### Available data

Lemma mmap_horner (N : nat) (h : 'I_N -> {poly R}) (F : {mpoly R[N]}) (t : R) :
  (mmap polyC h F).[t] = meval (fun i => (h i).[t]) F.
Proof.
rewrite mevalE /mmap horner_sum; apply: eq_bigr => mu _.
rewrite hornerCM /mmap1 horner_prod; congr (_ * _).
by apply: eq_bigr => i _; rewrite horner_exp.
Qed.

Lemma lowrank_segment (X0 X1 : 'M[R]_(m, n)) :
  lowrank r X0 -> lowrank r X1 ->
  exists gamma : R -> 'M[R]_(m, n),
    [/\ gamma 0 = X0, gamma 1 = X1, forall t, lowrank r (gamma t)
      & forall F, exists p : {poly R}, forall t, p.[t] = mxpoly_eval F (gamma t)].
Proof.
move=> /lowrank_factor [A0 [B0 ->]] /lowrank_factor [A1 [B1 ->]].
pose gamma t := (A0 + t *: (A1 - A0)) *m (B0 + t *: (B1 - B0)).
pose Ap : 'M[{poly R}]_(m, r) := map_mx polyC A0 + 'X *: map_mx polyC (A1 - A0).
pose Bp : 'M[{poly R}]_(r, n) := map_mx polyC B0 + 'X *: map_mx polyC (B1 - B0).
have gammaE t : map_mx (horner_eval t) (Ap *m Bp) = gamma t.
  apply/matrixP => i j; rewrite !mxE rmorph_sum; apply: eq_bigr => l _.
  by rewrite !mxE !rmorphM !rmorphD !rmorphM /= !horner_evalE !hornerE.
exists gamma; split.
- by rewrite /gamma !scale0r !addr0.
- by rewrite /gamma !scale1r ![A0 + _]addrC ![B0 + _]addrC !subrK.
- by move=> t; apply: lowrank_mul.
move=> F; exists (mmap polyC (fun k => mxvec (Ap *m Bp) 0 k) F) => t.
rewrite mmap_horner /mxpoly_eval; apply: meval_eq => k.
by rewrite -(gammaE t) -map_mxvec mxE.
Qed.

Lemma lowrank_prime (F G : {mpoly R[m * n]}) :
  (forall X, lowrank r X -> mxpoly_eval F X * mxpoly_eval G X = 0) ->
  (exists2 X0, lowrank r X0 & mxpoly_eval G X0 != 0) ->
  forall X, lowrank r X -> mxpoly_eval F X = 0.
Proof.
move=> FG0 [X0 hX0 GX0] X hX.
have [gamma [gamma0 gamma1 gammaM gammaP]] := lowrank_segment hX0 hX.
have [pF pFE] := gammaP F; have [pG pGE] := gammaP G.
have pFG0 : pF * pG = 0.
  by apply: poly_eq0_of_roots => t; rewrite hornerM pFE pGE FG0.
have pG0 : pG != 0 by apply: contraNneq GX0 => pG0; rewrite -gamma0 -pGE pG0 horner0.
move/eqP: pFG0; rewrite mulf_eq0 (negPf pG0) orbF => /eqP pF0.
by rewrite -gamma1 -pFE pF0 horner0.
Qed.

Definition nonvanishing (q : {mpoly R[m * n]}) : Prop :=
  exists2 X, lowrank r X & mxpoly_eval q X != 0.

(* By irreducibility, products of nonvanishing polynomials are nonvanishing. *)
Lemma nonvanishing_mul (F G : {mpoly R[m * n]}) :
  nonvanishing F -> nonvanishing G -> nonvanishing (F * G).
Proof.
move=> [X hX FX] nvG; apply: NNPP => nvFG.
have FG0 X' : lowrank r X' -> mxpoly_eval F X' * mxpoly_eval G X' = 0.
  move=> hX'; rewrite /mxpoly_eval -mevalM.
  by apply: NNPP => FGX'; apply: nvFG; exists X' => //; apply/eqP.
by move: FX; rewrite (lowrank_prime FG0 nvG hX) eqxx.
Qed.

Lemma nonzero_locus_open (q : {mpoly R[m * n]}) :
  zariski_open_in (lowrank r) (fun X => lowrank r X /\ mxpoly_eval q X != 0).
Proof.
split=> [X [] // | ]; exists (fun p => p = q) => X; split.
  move=> [hX notU]; split=> // _ ->.
  by have [// | qX] := eqVneq (mxpoly_eval q X) 0; case: notU.
by move=> [hX q0]; split=> // -[_]; rewrite q0 ?eqxx.
Qed.

Lemma nonzero_locus_dense (q : {mpoly R[m * n]}) :
  nonvanishing q ->
  zariski_dense_in (lowrank r) (fun X => lowrank r X /\ mxpoly_eval q X != 0).
Proof.
move=> nvq Z [S ZE] UZ X hX; apply/ZE; split=> // p Sp.
apply: (lowrank_prime _ nvq) => // Y hY.
have [-> | qY] := eqVneq (mxpoly_eval q Y) 0; first by rewrite mulr0.
by have [_ pY0] := (ZE Y).1 (UZ Y (conj hY qY)); rewrite pY0 ?mul0r.
Qed.

End LowRankIrreducible.

Section ColumnPermutation.
Variables (m n : nat).

Definition colperm (T : Type) (tau : 'I_n -> 'S_m) (M : 'M[T]_(m, n)) : 'M[T]_(m, n) :=
  \matrix_(i, j) M (tau j i) j.

Lemma permcolsE (R : realType) (tau : 'I_n -> 'S_m) (Y : 'M[R]_(m, n)) :
  permcols tau Y = colperm tau Y.
Proof. by apply/matrixP => i j; rewrite [LHS]mxE -row_permE !mxE. Qed.

Lemma colperm_comp (T : Type) (p q : 'I_n -> 'S_m) (M : 'M[T]_(m, n)) :
  colperm p (colperm q M) = colperm (fun j => p j * q j)%g M.
Proof. by apply/matrixP => i j; rewrite !mxE permM. Qed.

Lemma colperm_id (T : Type) (M : 'M[T]_(m, n)) : colperm (fun _ => 1%g) M = M.
Proof. by apply/matrixP => i j; rewrite mxE perm1. Qed.

Lemma colperm_const (T : pzRingType) (tau : 'I_n -> 'S_m) (s : 'S_m)
    (M : 'M[T]_(m, n)) :
  (forall j, tau j = s) -> colperm tau M = perm_mx s *m M.
Proof. by move=> tauE; rewrite -row_permE; apply/matrixP => i j; rewrite !mxE tauE. Qed.

Lemma mxrank_perm_mul (F : fieldType) (s : 'S_m) (M : 'M[F]_(m, n)) :
  \rank (perm_mx s *m M) = \rank M.
Proof. by rewrite eqmxMfull // row_full_unit unitmx_perm. Qed.

Lemma map_colperm (S T : Type) (f : S -> T) (tau : 'I_n -> 'S_m) (M : 'M[S]_(m, n)) :
  map_mx f (colperm tau M) = colperm tau (map_mx f M).
Proof. by apply/matrixP => i j; rewrite !mxE. Qed.

End ColumnPermutation.

Section Minors.

(* The sum of the squares of all k x k minors of M (rows and columns may
   repeat, which only adds zero minors). *)
Definition minor_sqsum (T : comNzRingType) (p q k : nat) (M : 'M[T]_(p, q)) : T :=
  \sum_(f : {ffun 'I_k -> 'I_p}) \sum_(g : {ffun 'I_k -> 'I_q}) \det (mxsub f g M) ^+ 2.

Lemma minor_sqsum_map (S T : comNzRingType) (phi : {rmorphism S -> T})
    (p q k : nat) (M : 'M[S]_(p, q)) :
  phi (minor_sqsum k M) = minor_sqsum k (map_mx phi M).
Proof.
rewrite rmorph_sum; apply: eq_bigr => f _; rewrite rmorph_sum; apply: eq_bigr => g _.
by rewrite rmorphXn -det_map_mx map_mxsub.
Qed.

Lemma mxrank_mxsub (F : fieldType) (p q k l : nat) (f : 'I_k -> 'I_p)
    (g : 'I_l -> 'I_q) (M : 'M[F]_(p, q)) :
  (\rank (mxsub f g M) <= \rank M)%N.
Proof.
rewrite mxsubrc; apply: leq_trans (mxrankS (rowsub_sub _ _)) _.
by rewrite -[M in colsub _ M]mulmx1 -mulmx_colsub mxrankM_maxl.
Qed.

### What you are asked to do
Look above for the line that contains "Lemma mxrank_perm_mul (F". That line and every line after it through the end of the data must be written out exactly, with nothing else.

### Answer box
Lemma mxrank_perm_mul (F : fieldType) (s : 'S_m) (M : 'M[F]_(m, n)) :
  \rank (perm_mx s *m M) = \rank M.
Proof. by rewrite eqmxMfull // row_full_unit unitmx_perm. Qed.

Lemma map_colperm (S T : Type) (f : S -> T) (tau : 'I_n -> 'S_m) (M : 'M[S]_(m, n)) :
  map_mx f (colperm tau M) = colperm tau (map_mx f M).
Proof. by apply/matrixP => i j; rewrite !mxE. Qed.

End ColumnPermutation.

Section Minors.

(* The sum of the squares of all k x k minors of M (rows and columns may
   repeat, which only adds zero minors). *)
Definition minor_sqsum (T : comNzRingType) (p q k : nat) (M : 'M[T]_(p, q)) : T :=
  \sum_(f : {ffun 'I_k -> 'I_p}) \sum_(g : {ffun 'I_k -> 'I_q}) \det (mxsub f g M) ^+ 2.

Lemma minor_sqsum_map (S T : comNzRingType) (phi : {rmorphism S -> T})
    (p q k : nat) (M : 'M[S]_(p, q)) :
  phi (minor_sqsum k M) = minor_sqsum k (map_mx phi M).
Proof.
rewrite rmorph_sum; apply: eq_bigr => f _; rewrite rmorph_sum; apply: eq_bigr => g _.
by rewrite rmorphXn -det_map_mx map_mxsub.
Qed.

Lemma mxrank_mxsub (F : fieldType) (p q k l : nat) (f : 'I_k -> 'I_p)
    (g : 'I_l -> 'I_q) (M : 'M[F]_(p, q)) :
  (\rank (mxsub f g M) <= \rank M)%N.
Proof.
rewrite mxsubrc; apply: leq_trans (mxrankS (rowsub_sub _ _)) _.
by rewrite -[M in colsub _ M]mulmx1 -mulmx_colsub mxrankM_maxl.
Qed.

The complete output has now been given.